Fire ratings measure the amount of time that a door is able to contain the spread of fire, as tested according to NFPA guidelines. This means a door with a two-hour rating, for example, can be expected to resist combustion for two hours in the event of a fire. Also, a fire door will typically have three-quarters of the rating of the surrounding wall. For instance, a wall with a two-hour rating will usually contain doors with a 90-minute rating. Overall, a fire rating can range from 20 minutes to three hours, but keep in mind that 20-minute doors are designed to block smoke rather than flames. The rating requirements for each type of door and wall in a building are set by a fire marshal or by building codes.

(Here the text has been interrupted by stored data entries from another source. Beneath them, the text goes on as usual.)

(* Let $n \ge 2$ and let $\mathcal{P} = \langle x, y \mid x^n y^{-2}, R \rangle$, with $R \in F(x,y)$, be a presentation of a group isomorphic to $Q_{4n}$. Then at least one of the following holds: (i) $x \mapsto x$, $y \mapsto y$ induces a group isomorphism from the group presented by $\mathcal{P}$ to $Q_{4n}$; (ii) $x \mapsto xy$, $y \mapsto y$ induces a group isomorphism from the group presented by $\mathcal{P}$ to $Q_{4n}$. Furthermore, if $n = 2$ or $n \not\equiv 2 \pmod 4$, then (i) holds.
   Context: $Q_{4n}$ is identified with $\langle x, y \mid x^n y^{-2}, xyxy^{-1} \rangle$ and $F(x,y)$ is the free group on $x,y$. *)

From mathcomp Require Import all_boot.
Set Implicit Arguments. Unset Strict Implicit. Unset Printing Implicit Defensive.

(* A letter: (generator, inverted?). Generator false = x, true = y. *)
Definition letter := (bool * bool)%type.
Definition word := seq letter.

Definition gx : word := [:: (false, false)].
Definition gy : word := [:: (true, false)].

Definition inv_letter (a : letter) : letter := (a.1, ~~ a.2).
Definition inv_word (w : word) : word := rev (map inv_letter w).

Inductive rel_eq (rels : seq word) : word -> word -> Prop :=
| re_refl u : rel_eq rels u u
| re_sym u v : rel_eq rels u v -> rel_eq rels v u
| re_trans u v w : rel_eq rels u v -> rel_eq rels v w -> rel_eq rels u w
| re_cancel u v a : rel_eq rels (u ++ [:: a; inv_letter a] ++ v) (u ++ v)
| re_rel u v r : r \in rels -> rel_eq rels (u ++ r ++ v) (u ++ v).

Definition pres_iso (rels1 rels2 : seq word) : Prop :=
  exists f : word -> word,
    [/\ (forall u v, rel_eq rels1 u v -> rel_eq rels2 (f u) (f v)),
        (forall u v, rel_eq rels2 (f (u ++ v)) (f u ++ f v)),
        (forall u v, rel_eq rels2 (f u) (f v) -> rel_eq rels1 u v) &
        (forall w, exists u, rel_eq rels2 (f u) w)].

Definition subst (s : bool -> word) (w : word) : word :=
  flatten (map (fun a : letter => if a.2 then inv_word (s a.1) else s a.1) w).

Definition induces_iso (rels1 rels2 : seq word) (s : bool -> word) : Prop :=
  [/\ (forall u v, rel_eq rels1 u v -> rel_eq rels2 (subst s u) (subst s v)),
      (forall u v, rel_eq rels2 (subst s u) (subst s v) -> rel_eq rels1 u v) &
      (forall w, exists u, rel_eq rels2 (subst s u) w)].

(* x^n y^-2 *)
Definition rel_xn_ym2 (n : nat) : word :=
  nseq n (false, false) ++ [:: (true, true); (true, true)].
(* x y x y^-1 *)
Definition rel_xyxyinv : word :=
  [:: (false, false); (true, false); (false, false); (true, true)].

Definition Q4n_rels (n : nat) : seq word := [:: rel_xn_ym2 n; rel_xyxyinv].
Definition P_rels (n : nat) (R : word) : seq word := [:: rel_xn_ym2 n; R].

Definition s_id (b : bool) : word := if b then gy else gx.
Definition s_xy (b : bool) : word := if b then gy else gx ++ gy.

(* Q_4n is modelled by pairs (i, e) in Z_2n * bool standing for x^i y^e. Reducing words to
   the normal forms x^i y^e shows that two words are equal in <x, y | x^n y^-2, xyxy^-1> exactly
   when they evaluate to the same pair, and gives von Dyck's theorem for the model: whenever
   a^n = b^2 and aba = b, the map x^i y^e |-> a^i b^e is an endomorphism.
   An isomorphism from P sends x, y to a generating pair (a, b) of the model with a^n = b^2.
   Sorting a and b into rotations x^i and reflections x^i y, subsets closed under left
   multiplication by a and b rule out the non-generating configurations, and in the others
   either aba = b, or n = 2 mod 4, n <> 2, and (ab^-1, b) satisfies the relations of Q_4n.
   The endomorphism attached to (a, b), resp. (ab^-1, b), agrees with the given isomorphism on
   the images of the generators under x |-> x, y |-> y, resp. x |-> xy, y |-> y; it is therefore
   onto, hence an automorphism, and the substitution induces an isomorphism. *)

From HB Require Import structures.
From mathcomp Require Import all_boot all_algebra all_fingroup.
From mathcomp Require Import ring zify.
From Stdlib Require Import Setoid Morphisms.
Set Implicit Arguments. Unset Strict Implicit. Unset Printing Implicit Defensive.
Import GRing.Theory.

Section WordCongruence.
Variable rels : seq word.
Local Infix "~" := (rel_eq rels) (at level 70).

#[local] Instance rel_eq_equiv : Equivalence (rel_eq rels).
Proof. by split; [exact: re_refl | exact: re_sym | exact: re_trans]. Qed.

Door and Frame Requirements Wooden fire doors must have solid wood or mineral cores, while steel doors typically have honeycombed or insulated cores. The door should be prepped at the factory so there is no more than three-quarters of an inch of clearance between the bottom of the door and the finished floor. Also, no holes larger than 1 inch in diameter may be drilled without voiding the fire rating. Pairs of doors must be equipped with an astragal, or overlapping seam or molding. Additionally, frames must be made from at least 16-gauge steel and should be prepped at the factory to receive hardware.